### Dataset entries
(* Let $n\ge 2$ be an integer and $A\subseteq L_n$. The following are equivalent: (i) $(X_n,\tau(A))$ is hereditarily Lindelöf; (ii) $|L_n\setminus A|\le\aleph_0$; (iii) $(X_n,\tau(A))$ is second-countable; (iv) $(X_n,\tau(A))$ is metrizable.
   Context: For $\overline{x},\overline{a}\in\mathbb R^n$ let $|\overline{x}-\overline{a}|$ be the Euclidean distance and $B(\overline{a},\epsilon)=\{\overline{x}\in\mathbb R^n:|\overline{x}-\overline{a}|<\epsilon\}$. Let $P_n=\{\overline{x}\in\mathbb R^n: x_n>0\}$, $L_n=\{\overline{x}\in\mathbb R^n: x_n=0\}$, $X_n=P_n\cup L_n$. For $\overline{a}\in L_n$ and $\epsilon>0$ put $\overline{a(\epsilon)}=(a_1,\dots,a_{n-1},\epsilon)$ and $\tilde B(\overline{a},\epsilon)=\{\overline{a}\}\cup B(\overline{a(\epsilon)},\epsilon)$. For $A\subseteq L_n$, the topology $\tau(A)$ on $X_n$ is generated by the local bases: at $\overline{a}\in P_n$, the sets $B(\overline{a},\epsilon)$ with $0<\epsilon<a_n$; at $\overline{a}\in A$, the sets $B(\overline{a},\epsilon)\cap X_n$ with $\epsilon>0$; at $\overline{a}\in L_n\setminus A$, the sets $\tilde B(\overline{a},\epsilon)$ with $\epsilon>0$. *)

From mathcomp Require Import all_boot all_order all_algebra.
From mathcomp Require Import boolp classical_sets cardinality reals.
Set Implicit Arguments. Unset Strict Implicit. Unset Printing Implicit Defensive.
Import Order.TTheory GRing.Theory Num.Theory.
Local Open Scope ring_scope.
Local Open Scope classical_set_scope.
(* The reflection x |-> 2 x_h h - x preserves the order, so the
   join of a reflection-symmetric set lies on the axis R h.  For a horizontal unit vector e,
   comparing the join of {x e, -x e} with the upper bounds T h + v (v horizontal) gives
   f x + f |v| <= T as soon as f |v - x e| <= T and f |v + x e| <= T.  With v orthogonal to e
   this is square-superadditivity; in dimension 2 it only yields f x + f y <= f (x + y) or
   f x + f y <= f |x - y|, which, by an induction on multiples of a small step and the lower
   semicontinuity forced by closedness, gives superadditivity.  In dimension >= 3,
   square-superadditivity makes f small near 0, hence f is lower semicontinuous from the left
   and the order is closed.
   Conversely, (square-)superadditivity makes f |.| superadditive on pairs of horizontal
   vectors with nonnegative inner product.  For a right-bounded P, two upper bounds of height
   close to the infimum m of the heights of all upper bounds are then close to each other:
   otherwise a point of the segment between them, lowered below height m, would still be an
   upper bound.  Upper bounds with heights tending to m form a Cauchy sequence, and its limit
   is the join. *)

From HB Require Import structures.
From mathcomp Require Import all_boot all_order all_algebra.
From mathcomp Require Import all_classical all_reals all_analysis.
From mathcomp Require Import ring lra zify.
Import Order.TTheory GRing.Theory Num.Theory.
Import numFieldNormedType.Exports.
Local Open Scope classical_set_scope.
Local Open Scope ring_scope.
Set Implicit Arguments. Unset Strict Implicit.

Lemma exists_natinv_lt (R : realType) (t : R) : 0 < t -> exists n : nat, n.+1%:R^-1 < t.
Proof.
move=> t0; exists (Num.truncn t^-1).
by rewrite -[t in _ < t]invrK ltf_pV2 ?posrE ?invr_gt0 // truncnS_gt.
Qed.
(* Let $\Lambda$ be a finite nonempty set and $m,c\ge1$ natural numbers with $|\Lambda|$ dividing $m$. Then (1) $f^{10}_\Lambda(m,c)\le m\cdot HJ(|\Lambda|^m,c)$; (2) $f^{9,*}_\Lambda(m,c)\le m\cdot HJ(|\Lambda|^m,c)$ (with the convention $m\cdot\omega=\omega$).
   Context: Let $\Lambda$ be a finite nonempty alphabet, $[k]=\{1,\dots,k\}$, and ${}^{[k]}\Lambda$ the set of functions $[k]\to\Lambda$. A $c$-colouring of ${}^{[k]}\Lambda$ is a function $d$ from ${}^{[k]}\Lambda$ into a set with at most $c$ elements. A configuration for $(k,m)$ is a pair $(\langle M_\ell:\ell<m\rangle,\eta^* )$ where (a) the $M_\ell\subseteq[k]$ are pairwise disjoint and $\eta^*$ is a function from $[k]\setminus\bigcup_{\ell<m}M_\ell$ into $\Lambda$. Its set of points is $S=\{\eta\in{}^{[k]}\Lambda:\eta^*\subseteq\eta$ and each $\eta\restriction M_\ell$ is constant$\}$, and for $\eta\in S$, $\alpha\in\Lambda$ let $\mathrm{cnt}_\eta(\alpha)=|\{\ell<m:\eta\restriction M_\ell$ is constantly $\alpha\}|$. Consider the conditions: (b) $|M_\ell|=|M_0|>0$ for all $\ell<m$; (b$'$) $M_\ell\neq\emptyset$ for all $\ell<m$; (c) $d(\nu_1)=d(\nu_2)$ whenever $\nu_1,\nu_2\in S$ and $\mathrm{cnt}_{\nu_1}(\alpha)=\mathrm{cnt}_{\nu_2}(\alpha)=m/|\Lambda|$ for every $\alpha\in\Lambda$; (c$^+$) $d(\nu_1)=d(\nu_2)$ whenever $\nu_1,\nu_2\in S$ and $\mathrm{cnt}_{\nu_1}(\alpha)=\mathrm{cnt}_{\nu_2}(\alpha)$ for every $\alpha\in\Lambda$; (c$'$) $d\restriction S$ is constant; (d) for all $\alpha,\beta\in\Lambda$, $|\{a:\eta^*(a)=\alpha\}|=|\{a:\eta^*(a)=\beta\}|$. For a list $X$ of these conditions, the associated number is the least $k\le\omega$ divisible by $|\Lambda|$ (with $\omega$ if none exists) such that for every $c$-colouring $d$ of ${}^{[k]}\Lambda$ there is a configuration for $(k,m)$ satisfying (a) and all conditions in $X$. Then $f^{10}_\Lambda(m,c)$ uses (b),(c),(d); $f^{9,*}_\Lambda(m,c)$ uses (b),(c$^+$); $HJ_\Lambda(m,c)$ uses (b$'$),(c$'$). Finally $HJ(n,c)=HJ_{\{1,\dots,n\}}(1,c)$ (the Hales–Jewett number for an $n$-letter alphabet). *)

From Stdlib Require Import ClassicalEpsilon.
From mathcomp Require Import all_boot.
Set Implicit Arguments. Unset Strict Implicit. Unset Printing Implicit Defensive.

### INSTRUCTIONS FOR THE TASK
Every record above is to be copied out again exactly as written.

### SOLUTION TO THIS TASK
(* Let $n\ge 2$ be an integer and $A\subseteq L_n$. The following are equivalent: (i) $(X_n,\tau(A))$ is hereditarily Lindelöf; (ii) $|L_n\setminus A|\le\aleph_0$; (iii) $(X_n,\tau(A))$ is second-countable; (iv) $(X_n,\tau(A))$ is metrizable.
   Context: For $\overline{x},\overline{a}\in\mathbb R^n$ let $|\overline{x}-\overline{a}|$ be the Euclidean distance and $B(\overline{a},\epsilon)=\{\overline{x}\in\mathbb R^n:|\overline{x}-\overline{a}|<\epsilon\}$. Let $P_n=\{\overline{x}\in\mathbb R^n: x_n>0\}$, $L_n=\{\overline{x}\in\mathbb R^n: x_n=0\}$, $X_n=P_n\cup L_n$. For $\overline{a}\in L_n$ and $\epsilon>0$ put $\overline{a(\epsilon)}=(a_1,\dots,a_{n-1},\epsilon)$ and $\tilde B(\overline{a},\epsilon)=\{\overline{a}\}\cup B(\overline{a(\epsilon)},\epsilon)$. For $A\subseteq L_n$, the topology $\tau(A)$ on $X_n$ is generated by the local bases: at $\overline{a}\in P_n$, the sets $B(\overline{a},\epsilon)$ with $0<\epsilon<a_n$; at $\overline{a}\in A$, the sets $B(\overline{a},\epsilon)\cap X_n$ with $\epsilon>0$; at $\overline{a}\in L_n\setminus A$, the sets $\tilde B(\overline{a},\epsilon)$ with $\epsilon>0$. *)

From mathcomp Require Import all_boot all_order all_algebra.
From mathcomp Require Import boolp classical_sets cardinality reals.
Set Implicit Arguments. Unset Strict Implicit. Unset Printing Implicit Defensive.
Import Order.TTheory GRing.Theory Num.Theory.
Local Open Scope ring_scope.
Local Open Scope classical_set_scope.
(* The reflection x |-> 2 x_h h - x preserves the order, so the
   join of a reflection-symmetric set lies on the axis R h.  For a horizontal unit vector e,
   comparing the join of {x e, -x e} with the upper bounds T h + v (v horizontal) gives
   f x + f |v| <= T as soon as f |v - x e| <= T and f |v + x e| <= T.  With v orthogonal to e
   this is square-superadditivity; in dimension 2 it only yields f x + f y <= f (x + y) or
   f x + f y <= f |x - y|, which, by an induction on multiples of a small step and the lower
   semicontinuity forced by closedness, gives superadditivity.  In dimension >= 3,
   square-superadditivity makes f small near 0, hence f is lower semicontinuous from the left
   and the order is closed.
   Conversely, (square-)superadditivity makes f |.| superadditive on pairs of horizontal
   vectors with nonnegative inner product.  For a right-bounded P, two upper bounds of height
   close to the infimum m of the heights of all upper bounds are then close to each other:
   otherwise a point of the segment between them, lowered below height m, would still be an
   upper bound.  Upper bounds with heights tending to m form a Cauchy sequence, and its limit
   is the join. *)

From HB Require Import structures.
From mathcomp Require Import all_boot all_order all_algebra.
From mathcomp Require Import all_classical all_reals all_analysis.
From mathcomp Require Import ring lra zify.
Import Order.TTheory GRing.Theory Num.Theory.
Import numFieldNormedType.Exports.
Local Open Scope classical_set_scope.
Local Open Scope ring_scope.
Set Implicit Arguments. Unset Strict Implicit.

Lemma exists_natinv_lt (R : realType) (t : R) : 0 < t -> exists n : nat, n.+1%:R^-1 < t.
Proof.
move=> t0; exists (Num.truncn t^-1).
by rewrite -[t in _ < t]invrK ltf_pV2 ?posrE ?invr_gt0 // truncnS_gt.
Qed.
(* Let $\Lambda$ be a finite nonempty set and $m,c\ge1$ natural numbers with $|\Lambda|$ dividing $m$. Then (1) $f^{10}_\Lambda(m,c)\le m\cdot HJ(|\Lambda|^m,c)$; (2) $f^{9,*}_\Lambda(m,c)\le m\cdot HJ(|\Lambda|^m,c)$ (with the convention $m\cdot\omega=\omega$).
   Context: Let $\Lambda$ be a finite nonempty alphabet, $[k]=\{1,\dots,k\}$, and ${}^{[k]}\Lambda$ the set of functions $[k]\to\Lambda$. A $c$-colouring of ${}^{[k]}\Lambda$ is a function $d$ from ${}^{[k]}\Lambda$ into a set with at most $c$ elements. A configuration for $(k,m)$ is a pair $(\langle M_\ell:\ell<m\rangle,\eta^* )$ where (a) the $M_\ell\subseteq[k]$ are pairwise disjoint and $\eta^*$ is a function from $[k]\setminus\bigcup_{\ell<m}M_\ell$ into $\Lambda$. Its set of points is $S=\{\eta\in{}^{[k]}\Lambda:\eta^*\subseteq\eta$ and each $\eta\restriction M_\ell$ is constant$\}$, and for $\eta\in S$, $\alpha\in\Lambda$ let $\mathrm{cnt}_\eta(\alpha)=|\{\ell<m:\eta\restriction M_\ell$ is constantly $\alpha\}|$. Consider the conditions: (b) $|M_\ell|=|M_0|>0$ for all $\ell<m$; (b$'$) $M_\ell\neq\emptyset$ for all $\ell<m$; (c) $d(\nu_1)=d(\nu_2)$ whenever $\nu_1,\nu_2\in S$ and $\mathrm{cnt}_{\nu_1}(\alpha)=\mathrm{cnt}_{\nu_2}(\alpha)=m/|\Lambda|$ for every $\alpha\in\Lambda$; (c$^+$) $d(\nu_1)=d(\nu_2)$ whenever $\nu_1,\nu_2\in S$ and $\mathrm{cnt}_{\nu_1}(\alpha)=\mathrm{cnt}_{\nu_2}(\alpha)$ for every $\alpha\in\Lambda$; (c$'$) $d\restriction S$ is constant; (d) for all $\alpha,\beta\in\Lambda$, $|\{a:\eta^*(a)=\alpha\}|=|\{a:\eta^*(a)=\beta\}|$. For a list $X$ of these conditions, the associated number is the least $k\le\omega$ divisible by $|\Lambda|$ (with $\omega$ if none exists) such that for every $c$-colouring $d$ of ${}^{[k]}\Lambda$ there is a configuration for $(k,m)$ satisfying (a) and all conditions in $X$. Then $f^{10}_\Lambda(m,c)$ uses (b),(c),(d); $f^{9,*}_\Lambda(m,c)$ uses (b),(c$^+$); $HJ_\Lambda(m,c)$ uses (b$'$),(c$'$). Finally $HJ(n,c)=HJ_{\{1,\dots,n\}}(1,c)$ (the Hales–Jewett number for an $n$-letter alphabet). *)

From Stdlib Require Import ClassicalEpsilon.
From mathcomp Require Import all_boot.
Set Implicit Arguments. Unset Strict Implicit. Unset Printing Implicit Defensive.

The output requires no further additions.